The slums in the capital city will keep on growing unless the villages around it are allowed to prosper.
I LIVE in Delhi, India's capital and one of its oldest cities. Seven times it has experienced a violent death and like the phoenix, seven times it has risen from its ashes. The city's historical monuments span its founding by the Pandavas who called it Indraprastha to its seventh incarnation, the New Delhi of the British Raj.
But there is a Delhi that is even newer. Unplanned and haphazardly built, this Delhi grew out of necessity after Independence. This Delhi is actually two "cities": South Delhi, a neighbourhood of upwardly-mobile traders and technocrats, and the Jhuggi Jhompri (commonly called J-J) slum colonies, populated by refugees from the countryside. The J-J colonies are spread all over the metropolis and consist of shacks made of cardboard, tin, straw and mud, which serve as homes for the poor.
These illegal slums can be easily laid waste -- and they often are -- by flood, fire or municipal fiat. J-J residents are indispensable to the upkeep of the metropolis, but they themselves live without basic amenities or civic rights. Once in a while -- usually before an election -- the civic powers resolve to regularise a few J-J colonies: Ration cards are issued generously even though fair price shops in the area are stocked parsimoniously; a semi-tarred road is laid down in part of the colony; a tube-well is sunk; a health clinic is opened, and even a primary school may be inaugurated with much fanfare. But then the occupants are left to their fate -- until the next election.

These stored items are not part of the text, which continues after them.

(* Let $\Theta$ be a subset of a Polish space with metric $d$, equipped with its Borel $\sigma$-algebra, let $\nu$ be a probability measure on $\Theta$, and let $\{P^\theta:\theta\in\Theta\}$ be probability measures on $(\Omega,\mathcal{F})$ such that $\theta\mapsto P^\theta(A)$ is Borel measurable for each $A\in\mathcal{F}$ and $\theta\mapsto P^\theta$ is continuous in total variation (for every $\theta$ and $\varepsilon>0$ there is $\delta>0$ with $\sup_{A\in\mathcal{F}}|P^\theta(A)-P^{\theta'}(A)|<\varepsilon$ whenever $d(\theta,\theta')<\delta$). Let $\mathbb{P}(A)=\int_\Theta P^\theta(A)\,\nu(\mathrm{d}\theta)$ be the mixture probability measure. Then there exists a Borel set $\Theta^1\subseteq\Theta$ with $\nu(\Theta^1)=1$ such that $P^\theta\ll\mathbb{P}$ for all $\theta\in\Theta^1$. Moreover, letting $c\mathcal{M}^1$ be the set of all countable convex combinations of measures in $\{P^\theta:\theta\in\Theta^1\}$, for every monetary risk measure $\rho$ and every penalty function $\alpha:\mathcal{M}_1\to\mathbb{R}\cup\{+\infty\}$ and all $X\in L^\infty(\mathbb{P})$, $$\sup_{P\in c\mathcal{M}^1}\widehat\rho^P(X)=\widehat\rho^{\mathbb{P}}(X)\quad\text{and}\quad\sup_{P\in c\mathcal{M}^1}\rho^P(X)=\rho^{\mathbb{P}}(X).$$
   Context: $(\Omega,\mathcal{F})$ is a measurable space, $\mathcal{M}_1$ the set of probability measures on it, $\mathcal{X}$ the space of pointwise bounded $\mathcal{F}$-measurable real functions. A monetary risk measure is $\rho:\mathcal{X}\to\mathbb{R}$ with, pointwise: $X\ge0\Rightarrow\rho(X)\le0$; $X\ge Y\Rightarrow\rho(X)\le\rho(Y)$; $\rho(X+a)=\rho(X)-a$. For $P\in\mathcal{M}_1$ and $X\in L^\infty(P)=L^\infty(\Omega,\mathcal{F},P)$: $\rho^P(X)=\inf\{\rho(\widetilde X):\widetilde X\in\mathcal{X},P(\widetilde X=X)=1\}$, and $\widehat\rho^P(X)=\sup_{Q\in\mathcal{M}_1,Q\ll P}\{\mathbb{E}_Q[-X]-\alpha(Q)\}$. *)

From HB Require Import structures.
From mathcomp Require Import all_boot all_order all_algebra.
From mathcomp Require Import all_classical all_reals all_analysis.
From mathcomp Require Import measurable_realfun.
Set Implicit Arguments. Unset Strict Implicit. Unset Printing Implicit Defensive.
Import Order.TTheory GRing.Theory Num.Theory.
Local Open Scope classical_set_scope.
Local Open Scope ring_scope.

Section Defs.
Variable R : realType.

Definition is_metric {T : Type} (dT : T -> T -> R) : Prop :=
  (forall x y, dT x y = 0 <-> x = y) /\
  (forall x y, dT x y = dT y x) /\
  (forall x y z, dT x z <= dT x y + dT y z).

Definition complete_metric {T : Type} (dT : T -> T -> R) : Prop :=
  forall u : nat -> T,
    (forall e, 0 < e -> exists N, forall m n, (N <= m)%N -> (N <= n)%N ->
        dT (u m) (u n) < e) ->
    exists l, forall e, 0 < e -> exists N, forall n, (N <= n)%N -> dT (u n) l < e.

Definition separable_metric {T : Type} (dT : T -> T -> R) : Prop :=
  exists S : set T, countable S /\
    forall x e, 0 < e -> exists2 s, S s & dT x s < e.

Definition polish_metric {T : Type} (dT : T -> T -> R) : Prop :=
  is_metric dT /\ complete_metric dT /\ separable_metric dT.

Definition metric_open {T : Type} (dT : T -> T -> R) (U : set T) : Prop :=
  forall x, U x -> exists2 r, 0 < r & forall y, dT x y < r -> U y.

Definition is_borel_of {d} {T : measurableType d} (dT : T -> T -> R) : Prop :=
  forall A : set T, measurable A <-> <<s metric_open dT >> A.

Variables (dO : measure_display) (Om : measurableType dO).

Definition bounded_measurable (X : Om -> R) : Prop :=
  measurable_fun setT X /\ exists M : R, forall w, `|X w| <= M.

(** Monetary risk measure (axioms required on X only). *)
Definition monetary_risk_measure (rho : (Om -> R) -> R) : Prop :=
  (forall X, bounded_measurable X -> (forall w, 0 <= X w) -> rho X <= 0) /\
  (forall X Y, bounded_measurable X -> bounded_measurable Y ->
     (forall w, Y w <= X w) -> rho X <= rho Y) /\
  (forall X (a : R), bounded_measurable X ->
     rho (fun w => X w + a) = rho X - a).

Definition abs_cont (Q P : set Om -> \bar R) : Prop :=
  forall A, measurable A -> P A = 0%E -> Q A = 0%E.

Definition Linfty (P : set Om -> \bar R) (X : Om -> R) : Prop :=
  measurable_fun setT X /\ exists M : R, P [set w | M < `|X w|] = 0%E.

Definition rho_P (rho : (Om -> R) -> R) (P : set Om -> \bar R) (X : Om -> R)
  : \bar R :=
  ereal_inf [set (rho Y)%:E | Y in
    [set Y | bounded_measurable Y /\ P [set w | Y w = X w] = 1%E]].

Definition rhohat_P (alpha : probability Om R -> \bar R)
  (P : set Om -> \bar R) (X : Om -> R) : \bar R :=
  ereal_sup [set (\int[Q]_w (- X w)%:E - alpha Q)%E | Q in
    [set Q : probability Om R | abs_cont Q P]].

End Defs.

From HB Require Import structures.
From mathcomp Require Import all_boot all_order all_algebra.
From mathcomp Require Import all_classical all_reals all_analysis.
From mathcomp Require Import measurable_realfun.
From mathcomp Require Import lra.
Import Order.TTheory GRing.Theory Num.Theory.
Local Open Scope classical_set_scope.
Local Open Scope ring_scope.

(** Let [Θ¹] be the support of [ν]: the points all of whose balls have
positive [ν]-measure; its complement is a countable union of null balls, so
[ν(Θ¹) = 1].  If [P^θ(A) > 0] for some [θ ∈ Θ¹], total-variation continuity
keeps [P^θ'(A)] above a positive constant on a ball around [θ], which has
positive [ν]-measure, so [ℙ(A) > 0]: every [P^θ] with [θ ∈ Θ¹] is dominated
by [ℙ], hence so is every countable convex combination of them.  Conversely,
for a dense sequence [θ_n] in [Θ¹] the combination [P₀ = Σ 2^-(n+1) P^θ_n]
dominates [ℙ]: if [P₀(A) = 0] then [P^θ_n(A) = 0] for all [n], hence by
continuity [P^θ(A) = 0] on all of [Θ¹], and [ℙ(A) = 0].  Finally [P ≪ M]
gives [ρ̂^P(X) ≤ ρ̂^M(X)] and [ρ^P(X) ≤ ρ^M(X)], so both suprema over [cM¹]
are attained at [P₀], where they equal the values at [ℙ]; no property of [ρ]
or [α] is needed. *)

Lemma ereal_sup_attained {R : realType} (S : set (\bar R)) v :
  ubound S v -> S v -> ereal_sup S = v.
Proof.
by move=> Sv Sv'; apply/eqP; rewrite eq_le ge_ereal_sup //= ereal_sup_ubound.
Qed.

Section risk_functionals.
Context {R : realType} {dO : measure_display} {Om : measurableType dO}.
Implicit Types (P Q M : set Om -> \bar R) (X : Om -> R).

Lemma abs_cont_trans P Q M : abs_cont P Q -> abs_cont Q M -> abs_cont P M.
Proof. by move=> PQ QM A mA /(QM A mA) /(PQ A mA). Qed.

Lemma rhohat_P_le alpha P M X :
  abs_cont P M -> (rhohat_P alpha P X <= rhohat_P alpha M X)%E.
Proof.
move=> PM; apply: ge_ereal_sup => _ [Q QP <-].
by apply: ereal_sup_ubound; exists Q => //; exact: abs_cont_trans QP PM.
Qed.

Definition setC_mass1 P := forall E, measurable E -> (P E + P (~` E) = 1)%E.

Lemma setC_mass1_eq1 {P E} : setC_mass1 P -> measurable E ->
  (P E = 1 <-> P (~` E) = 0)%E.
Proof.
move=> P1 mE; have PE := P1 E mE.
split=> [|PEC0]; last by rewrite PEC0 adde0 in PE.
move=> PE1; move: PE; rewrite PE1.
by case: (P (~` E)) => [r [] r0| |] //; congr EFin; lra.
Qed.

Lemma measurable_eqfun {X Y} : measurable_fun setT X -> measurable_fun setT Y ->
  measurable [set w | Y w = X w].
Proof.
move=> mX mY; have -> : [set w | Y w = X w] = setT `&` ((Y \- X) @^-1` [set 0]).
  apply/seteqP; split => w /=; first by move=> ->; rewrite subrr.
  by move=> [_ /subr0_eq].
exact: (measurable_funB mY mX) measurableT _ (measurable_set1 _).
Qed.

Lemma rho_P_le rho P M X : abs_cont P M -> setC_mass1 P -> setC_mass1 M ->
  measurable_fun setT X -> (rho_P rho P X <= rho_P rho M X)%E.
Proof.
move=> PM P1 M1 mX; apply: le_ereal_inf_tmp => _ [Y [bY MY] <-].
apply: ereal_inf_lbound; exists Y => //; split => //.
have mE := measurable_eqfun mX bY.1.
apply/(setC_mass1_eq1 P1 mE).2/PM; first exact: measurableC.
exact/(setC_mass1_eq1 M1 mE).1.
Qed.

Lemma risk_sups_dominated {C : set (set Om -> \bar R)} {M P0 rho alpha X} :
  measurable_fun setT X -> (forall P, C P -> abs_cont P M /\ setC_mass1 P) ->
  C P0 -> abs_cont M P0 -> setC_mass1 M ->
    ereal_sup [set rhohat_P alpha P X | P in C] = rhohat_P alpha M X /\
    ereal_sup [set rho_P rho P X | P in C] = rho_P rho M X.
Proof.
move=> mX CM CP0 MP0 M1; have [P0M P01] := CM P0 CP0.
split; apply: ereal_sup_attained.
- by move=> _ [P /CM[PM _] <-]; exact: rhohat_P_le.
- by exists P0 => //; apply/eqP; rewrite eq_le !rhohat_P_le.
- by move=> _ [P /CM[PM P1] <-]; exact: rho_P_le.
- by exists P0 => //; apply/eqP; rewrite eq_le !rho_P_le.
Qed.

Lemma setC_mass1_probability (P : probability Om R) : setC_mass1 P.
Proof.
move=> E mE; rewrite -measureU ?setUv ?setICr //; last exact: measurableC.
exact: probability_setT.
Qed.

End risk_functionals.

Lemma nneseries_ge_term {R : realType} (u : nat -> \bar R) n :
  (forall k, 0 <= u k)%E -> (u n <= \sum_(0 <= k <oo) u k)%E.
Proof.
move=> u0; apply: le_trans (nneseries_lim_ge n.+1 _); last by move=> *.
by rewrite big_nat_recr //= leeDr // sume_ge0.
Qed.

Section probability_series.
Context {R : realType} {dO : measure_display} {Om : measurableType dO}.
Variables (lam : nat -> R) (Ps : nat -> probability Om R).

Definition prob_series : set Om -> \bar R :=
  fun A => (\sum_(0 <= n <oo) ((lam n)%:E * Ps n A))%E.

Lemma setC_mass1_prob_series : (forall n, 0 <= lam n) ->
  (\sum_(0 <= n <oo) (lam n)%:E)%E = 1%E -> setC_mass1 prob_series.
Proof.
move=> lam0 lam1 E mE; rewrite -nneseriesD; last 2 first.
- by move=> n _ _; rewrite mule_ge0 // lee_fin.
- by move=> n _ _; rewrite mule_ge0 // lee_fin.
rewrite -lam1; apply: eq_eseriesr => n _.
by rewrite -ge0_muleDr // setC_mass1_probability // mule1.
Qed.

The continuing inflow of ecological refugees from the countryside to the city is the result of such factors as privatisation of common lands, deforestation, destruction of wetlands and encroachment on pasturage -- allo of which deprive villagers of real income and basic survival inputs. Once starvation looms, the victims have no choice but head for the city in search of work, any work and at any wage.

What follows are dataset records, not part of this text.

(* Centered Gaussian linear combinations: for a finite family of
   (coefficient a, coordinate index i, time t), Y = sum a * w_i(t) has
   characteristic function exp(-Var/2) with the covariance
   E[w_i(t) w_j(u)] = [i = j] q_i min(t,u).  This is exactly the law
   of a Q-Wiener process omega(t) = sum_i w_i(t) e_i with Q e_i = q_i e_i. *)
Definition QWiener {R : realType} {d : measure_display} {Omega : measurableType d}
  (P : probability Omega R) (q : nat -> R) (w : nat -> R -> Omega -> R) : Prop :=
  (forall k t, 0 <= t <= 1 -> measurable_fun setT (w k t)) /\
  (forall c : seq (R * nat * R),
     all (fun p => 0 <= p.2 <= 1) c ->
     let Y := fun x => \sum_(p <- c) p.1.1 * w p.1.2 p.2 x in
     let v := \sum_(p <- c) \sum_(p' <- c)
                (p.1.1 * p'.1.1 *
                 (if p.1.2 == p'.1.2 then q p.1.2 * Num.min p.2 p'.2 else 0)) in
     (\int[P]_x (cos (Y x))%:E = (expR (- (v / 2)))%:E)%E /\
     (\int[P]_x (sin (Y x))%:E = 0)%E).

Definition holder_paths {R : realType} {Omega : Type}
  (w : nat -> R -> Omega -> R) : Prop :=
  forall x,
    (forall t, 0 <= t <= 1 -> (\sum_(k <oo) ((w k t x) ^+ 2)%:E < +oo)%E) /\
    (forall g', 0 < g' < 2^-1 -> exists C : R, forall t u,
        0 <= t <= 1 -> 0 <= u <= 1 ->
        (\sum_(k <oo) ((w k t x - w k u x) ^+ 2)%:E
           <= (C ^+ 2 * `|t - u| `^ (2 * g'))%:E)%E).

(* The V-coordinate j of  int_s^t A S(t-r) E (omega(r)-omega(s)) dr  for
   E = e_j (x) e_k  (E y = <y,e_k> e_j), using A S(t-r) e_j = -l_j e^{-l_j (t-r)} e_j.
   For this E only coordinate j is nonzero. *)
Definition conv_coef {R : realType} {Omega : Type} (lam : nat -> R)
  (w : nat -> R -> Omega -> R) (x : Omega) (s t : R) (j k : nat) : R :=
  Rintegral lebesgue_measure `[s, t]
    (fun r => - lam j * expR (- (lam j * (t - r))) * (w k r x - w k s x)).

(* Squared Hilbert--Schmidt norm in L_2(L_2(V,V_delta),V) of T_t - T_u, where
   T_t : E |-> int_s^t A S(t-r) E (omega(r)-omega(s)) dr.  It is computed on the
   orthonormal basis  (lam_j^{-delta} e_j (x) e_k)_{j,k}  of L_2(V,V_delta). *)
Definition HS_sq_diff {R : realType} {Omega : Type} (lam : nat -> R) (delta : R)
  (w : nat -> R -> Omega -> R) (x : Omega) (s t u : R) : \bar R :=
  (\sum_(j <oo) \sum_(k <oo)
     ((lam j `^ (- delta) * (conv_coef lam w x s t j k - conv_coef lam w x s u j k))
        ^+ 2)%:E)%E.

(* The estimate is pathwise: only the Hoelder regularity of every path is used,
   never the Gaussian law of the Q-Wiener process.  Fix a path, a start time s
   and write g_k(r) = w_k(r) - w_k(s); these are continuous on [s, 1] with
   sum_k g_k(r)^2 <= M uniformly in r.  For a fixed eigenvalue l = lam_j let
   d_k be the increment between t <= u of the k-th convolution coefficient.
   Then sum_k d_k^2 = int K(r) (sum_k d_k g_k(r)) dr for a kernel K of total
   mass 2 (1 - e^{-l (u - t)}), and bounding sum_k d_k g_k(r) by AM-GM with a
   free weight yields sum_k d_k^2 <= 4 M (1 - e^{-l (u - t)})^2, which is at
   most 4 M l^(2 gamma) |u - t|^(2 gamma) as long as gamma <= 1.  Weighting by
   lam_j^(-2 delta) and summing over j gives the Hoelder bound.  Finally
   gamma <= 1 is automatic: since lam_j -> +oo, the series of lam_j^p diverges
   for p >= 0, so the summability hypothesis forces gamma < delta <= 1. *)
From HB Require Import structures.
From mathcomp Require Import all_boot all_order all_algebra.
From mathcomp Require Import all_classical all_reals all_analysis.
From mathcomp Require Import lra ring.
Import Order.TTheory GRing.Theory Num.Theory.
Import numFieldNormedType.Exports.
Local Open Scope classical_set_scope.
Local Open Scope ring_scope.

Section real_inequalities.
Context {R : realType}.

Lemma ler_mul_amgm (a b c : R) : 0 < c -> a * b <= a ^+ 2 / (2 * c) + c * b ^+ 2 / 2.
Proof.
move=> c0; rewrite -subr_ge0.
have -> : a ^+ 2 / (2 * c) + c * b ^+ 2 / 2 - a * b = (a - c * b) ^+ 2 / (2 * c).
  by field; rewrite gt_eqF.
by rewrite divr_ge0 ?sqr_ge0 // mulr_ge0 // ltW.
Qed.

(* Choosing the weight c = L turns the family of bounds into S <= S/2 + M L^2/2. *)
Lemma amgm_self_bound (S M L : R) : 0 <= S -> 0 <= L ->
  (forall c, 0 < c -> S <= (S / (2 * c) + c * M / 2) * L) -> S <= M * L ^+ 2.
Proof.
move=> S0 L0 H; have [Lp|] := ltrP 0 L.
  have := H L Lp.
  have -> : (S / (2 * L) + L * M / 2) * L = S / 2 + M * L ^+ 2 / 2.
    by field; rewrite gt_eqF.
  lra.
move=> Lle0; have L00 : L = 0 by apply/eqP; rewrite eq_le Lle0 L0.
by have := H 1 ltr01; rewrite L00 !mulr0 expr0n /= mulr0.
Qed.

Lemma onemexpR_le_powR (y g : R) : 0 <= y -> 0 < g -> g <= 1 ->
  1 - expR (- y) <= y `^ g.
Proof.
move=> y0 g0 g1; have [y1|y1] := ltrP y 1.
  have h1 : 1 - expR (- y) <= y by have := expR_ge1Dx (- y); lra.
  apply: le_trans h1 _.
  have [->|yn0] := eqVneq y 0; first by rewrite powR0 ?gt_eqF.
  by apply: ger1_powR => //; rewrite ltW // lt_neqAle eq_sym yn0 y0.
apply: (@le_trans _ _ 1); first by rewrite lerBlDr lerDl expR_ge0.
by rewrite -[X in X <= _](powRr0 y); apply: ler_powR => //; exact: ltW.
Qed.

Lemma sqr_powR (a p : R) : 0 < a -> (a `^ p) ^+ 2 = a `^ (2 * p).
Proof.
move=> a0; rewrite expr2 -powRD; last by apply/implyP => _; rewrite gt_eqF.
by congr powR; ring.
Qed.

Lemma sum_le_nneseries (u : nat -> R) N : (forall n, 0 <= u n) ->
  ((\sum_(k < N) u k)%:E <= \sum_(i <oo) (u i)%:E)%E.
Proof.
move=> u0; rewrite -sumEFin -(big_mkord xpredT (fun k => (u k)%:E)).
by apply: nneseries_lim_ge => n _ _; rewrite lee_fin.
Qed.

Lemma nneseries_le_of_sum_le (u : nat -> \bar R) (B : \bar R) :
  (forall n, (0 <= u n)%E) ->
  (forall N, (\sum_(0 <= i < N) u i <= B)%E) -> (\sum_(i <oo) u i <= B)%E.
Proof.
move=> u0 hN; apply: lime_le; last exact: nearW.
by apply: is_cvg_nneseries => n _ _; exact: u0.
Qed.

Lemma powR_series_divergent (lam : nat -> R) (p : R) :
  lam @ \oo --> +oo -> 0 <= p -> ~ (\sum_(i <oo) (lam i `^ p)%:E < +oo)%E.
Proof.
move=> /cvgryPge /(_ 1) [N _ lam1] p0 hs.
have s0 : (0 <= \sum_(i <oo) (lam i `^ p)%:E)%E.
  by apply: nneseries_ge0 => n _ _; rewrite lee_fin powR_ge0.
set X := fine (\sum_(i <oo) (lam i `^ p)%:E).
have hX := archi_boundP (fine_ge0 s0 : 0 <= X).
set K := Num.Def.archi_bound X in hX.
have := @sum_le_nneseries (fun i => lam i `^ p) (N + K) (fun n => powR_ge0 _ _).
rewrite -(fineK (x := \sum_(i <oo) (lam i `^ p)%:E)) ?ge0_fin_numE //.
rewrite lee_fin -/X => hle.
suff : K%:R <= \sum_(k < N + K) lam k `^ p by lra.
rewrite -(big_mkord xpredT (fun k => lam k `^ p)).
rewrite (big_cat_nat (n := N)) //= ?leq_addr //.
apply: (@le_trans _ _ (0 + \sum_(N <= k < N + K) 1)).
  by rewrite add0r sumr_const_nat addnC addnK.
apply: lerD; first by apply: sumr_ge0 => k _; exact: powR_ge0.
apply: ler_sum_nat => k /andP[Nk _].
by rewrite -(powRr0 (lam k)); apply: ler_powR => //; exact: lam1.
Qed.

End real_inequalities.

Section continuity_on_segments.
Context {R : realType}.
Notation mu := (@lebesgue_measure R).
Implicit Types (A : set R) (f g : R -> R).

Lemma within_continuousM A f g : {within A, continuous f} ->
  {within A, continuous g} -> {within A, continuous (fun x => f x * g x)}.
Proof.
move=> /subspace_continuousP cf /subspace_continuousP cg.
by apply/subspace_continuousP => x Ax; apply: cvgM; [exact: cf|exact: cg].
Qed.

Lemma within_continuousD A f g : {within A, continuous f} ->
  {within A, continuous g} -> {within A, continuous (fun x => f x + g x)}.
Proof.
move=> /subspace_continuousP cf /subspace_continuousP cg.
by apply/subspace_continuousP => x Ax; apply: cvgD; [exact: cf|exact: cg].
Qed.

Lemma within_continuousB A f g : {within A, continuous f} ->
  {within A, continuous g} -> {within A, continuous (fun x => f x - g x)}.
Proof.
move=> /subspace_continuousP cf /subspace_continuousP cg.
by apply/subspace_continuousP => x Ax; apply: cvgB; [exact: cf|exact: cg].
Qed.

Lemma within_continuous_cst A (c : R) : {within A, continuous (fun _ : R => c)}.
Proof. by apply: continuous_subspaceT => x; exact: cvg_cst. Qed.

Lemma within_continuous_sum A N (F : nat -> R -> R) :
  (forall k, {within A, continuous (F k)}) ->
  {within A, continuous (fun x => \sum_(k < N) F k x)}.
Proof.
move=> cF; elim: N => [|N IH].
  under [fun x => _]funext do rewrite big_ord0.
  exact: within_continuous_cst.
under [fun x => _]funext do rewrite big_ord_recr /=.
exact: within_continuousD.
Qed.

Lemma within_continuous_sqr_holder f (K a b : R) : 0 <= K ->
  (forall r r', a <= r <= b -> a <= r' <= b ->
     (f r - f r') ^+ 2 <= K * `|r - r'| `^ (2^-1)) ->
  {within `[a, b], continuous f}.
Proof.
move=> K0 H; apply/subspace_continuousP => x xab.
apply/cvgrPdist_lt => e e0; rewrite near_withinE.
have K1 : 0 < K + 1 by rewrite ltr_pwDr.
set h := e ^+ 2 / (K + 1).
have h0 : 0 < h by rewrite /h divr_gt0 ?exprn_gt0.
apply/nbhs_ballP; exists (h ^+ 2); first exact: exprn_gt0.
move=> t; rewrite /ball /= => xt tab.
have := H x t; rewrite /= !in_itv /= in xab tab => /(_ xab tab).
rewrite powR12_sqrt // => hxt.
have hs : Num.sqrt `|x - t| < h.
  move: xt; rewrite -(@ltr_sqrt _ _ _ (exprn_gt0 2 h0)) sqrtr_sqr.
  by rewrite (ger0_norm (ltW h0)).
have : (f x - f t) ^+ 2 < e ^+ 2.
  apply: (le_lt_trans hxt); apply: (@le_lt_trans _ _ (K * h)).
    by rewrite ler_wpM2l // ltW.
  rewrite /h mulrA ltr_pdivrMr //; have := exprn_gt0 2 e0; nra.
rewrite -real_normK ?num_real //; have := normr_ge0 (f x - f t); nra.
Qed.

Lemma integrable_within_segment {a b : R} {D : set R} {f : R -> R} :
  {within `[a, b], continuous f} ->
  measurable D -> D `<=` `[a, b] -> mu.-integrable D (EFin \o f).
Proof.
move=> cf mD Dab; apply: (@integrableS _ _ _ mu `[a, b]%classic D) => //.
by apply: continuous_compact_integrable => //; exact: segment_compact.
Qed.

These refugees compete with one another and against newcomers, resulting in depressing their already low wages. Everyone in the family works: men, women and especially children, who are popular with employers because they are cheap to hire and easy to train. Families with unemployed adults are only too willing to send their young to work for a pittance.

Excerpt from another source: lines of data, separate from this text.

(* Let $f:\mathbb{R}^n\to\mathbb{R}$ be twice continuously differentiable, $m_{2s}$-restricted strongly convex and $M_{2s}$-restricted strongly smooth. Let $\gamma\le m_{2s}$ and $0<\eta\le 1/(4M_{2s})$. Let $\mathbf x^k\in\mathbb{R}^n$ be $s$-sparse, let $T_k\in\mathcal{T}(\mathbf x^k;\eta)$, and let $\mathbf d^k_N$ be the Newton direction at $(\mathbf x^k,T_k)$. Then $$\langle\nabla_{T_k}f(\mathbf x^k),(\mathbf d^k_N)_{T_k}\rangle\le-\gamma\|\mathbf d^k_N\|^2+\frac{1}{4\eta}\|\mathbf x^k_{T_k^c}\|^2.$$
   Context: Notation: $\|\mathbf x\|_0$ = number of nonzero entries; $s$-sparse means $\|\mathbf x\|_0\le s$; $\mathrm{supp}(\mathbf x)$ = indices of nonzero entries; for $T\subseteq\{1,\dots,n\}$, $T^c$ its complement, $\mathbf x_T$ the subvector indexed by $T$, $\nabla_T f(\mathbf x)=(\nabla f(\mathbf x))_T$, $\nabla^2_{T,J}f(\mathbf x)$ the submatrix of the Hessian with rows in $T$ and columns in $J$, $\nabla^2_T f=\nabla^2_{T,T}f$. $\mathcal{P}_s(\mathbf x)=\mathrm{argmin}_{\mathbf z}\{\|\mathbf x-\mathbf z\|:\|\mathbf z\|_0\le s\}$ (a set). $\mathcal{T}(\mathbf x;\eta)=\{T: |T|=s,\ T\supseteq\mathrm{supp}(\mathbf z)\text{ for some }\mathbf z\in\mathcal{P}_s(\mathbf x-\eta\nabla f(\mathbf x))\}$. For $s$-sparse $\mathbf x$ let $M_{2s}(\mathbf x)=\sup\{\langle\mathbf y,\nabla^2 f(\mathbf x)\mathbf y\rangle: |\mathrm{supp}(\mathbf x)\cup\mathrm{supp}(\mathbf y)|\le 2s,\ \|\mathbf y\|=1\}$ and $m_{2s}(\mathbf x)$ the corresponding infimum. $f$ is $M_{2s}$-restricted strongly smooth if there is a constant $M_{2s}>0$ with $M_{2s}(\mathbf x)\le M_{2s}$ for all $s$-sparse $\mathbf x$; $f$ is $m_{2s}$-restricted strongly convex if there is a constant $m_{2s}>0$ with $m_{2s}(\mathbf x)\ge m_{2s}$ for all $s$-sparse $\mathbf x$. The Newton direction $\mathbf d_N^k$ at $(\mathbf x^k,T_k)$ is defined by $\nabla^2_{T_k}f(\mathbf x^k)(\mathbf d^k_N)_{T_k}=\nabla^2_{T_k,T_k^c}f(\mathbf x^k)\mathbf x^k_{T_k^c}-\nabla_{T_k}f(\mathbf x^k)$ and $(\mathbf d^k_N)_{T_k^c}=-\mathbf x^k_{T_k^c}$. *)

From HB Require Import structures.
From mathcomp Require Import all_boot all_order all_algebra.
From mathcomp Require Import all_classical all_reals all_analysis.
Set Implicit Arguments. Unset Strict Implicit. Unset Printing Implicit Defensive.
Import Order.TTheory GRing.Theory Num.Theory.
Import numFieldNormedType.Exports.
Local Open Scope ring_scope.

Child workers are to be seen in Delhi at dhabas, in stone quarries, in sweat shops, doing almost anything, anywhere. This phenomenon is not unique to Delhi, for it occurs in the other growing cities of India, big and small. Much of the traditional craftwork displayed at Indian stalls in trade fairs abroad, are made by low-paid children. Cities like Delhi feed on the broken wings and dashed hopes of millions of children and rarely do they set free anyone they have ensnared. Some of these children, in a state of desperation, cross the thin line into crime.
Forced to live in suffocating proximity, the occupants of J-J colonies must learn to be stoical. But half-empty stomachs and frequent fights over underpaid jobs take their toll and this Delhi erupts intermittently into a frenzy of violence -- communal, ethnic or merely wanton. Violence is its own catharsis and so, after a while, the colonies revert to their normal state. Meanwhile, the other Delhi remains unaffected. Its people do not have to learn to be indifferent; they already are, ensconced in their own cocoon of newly acquired wealth and ostentation.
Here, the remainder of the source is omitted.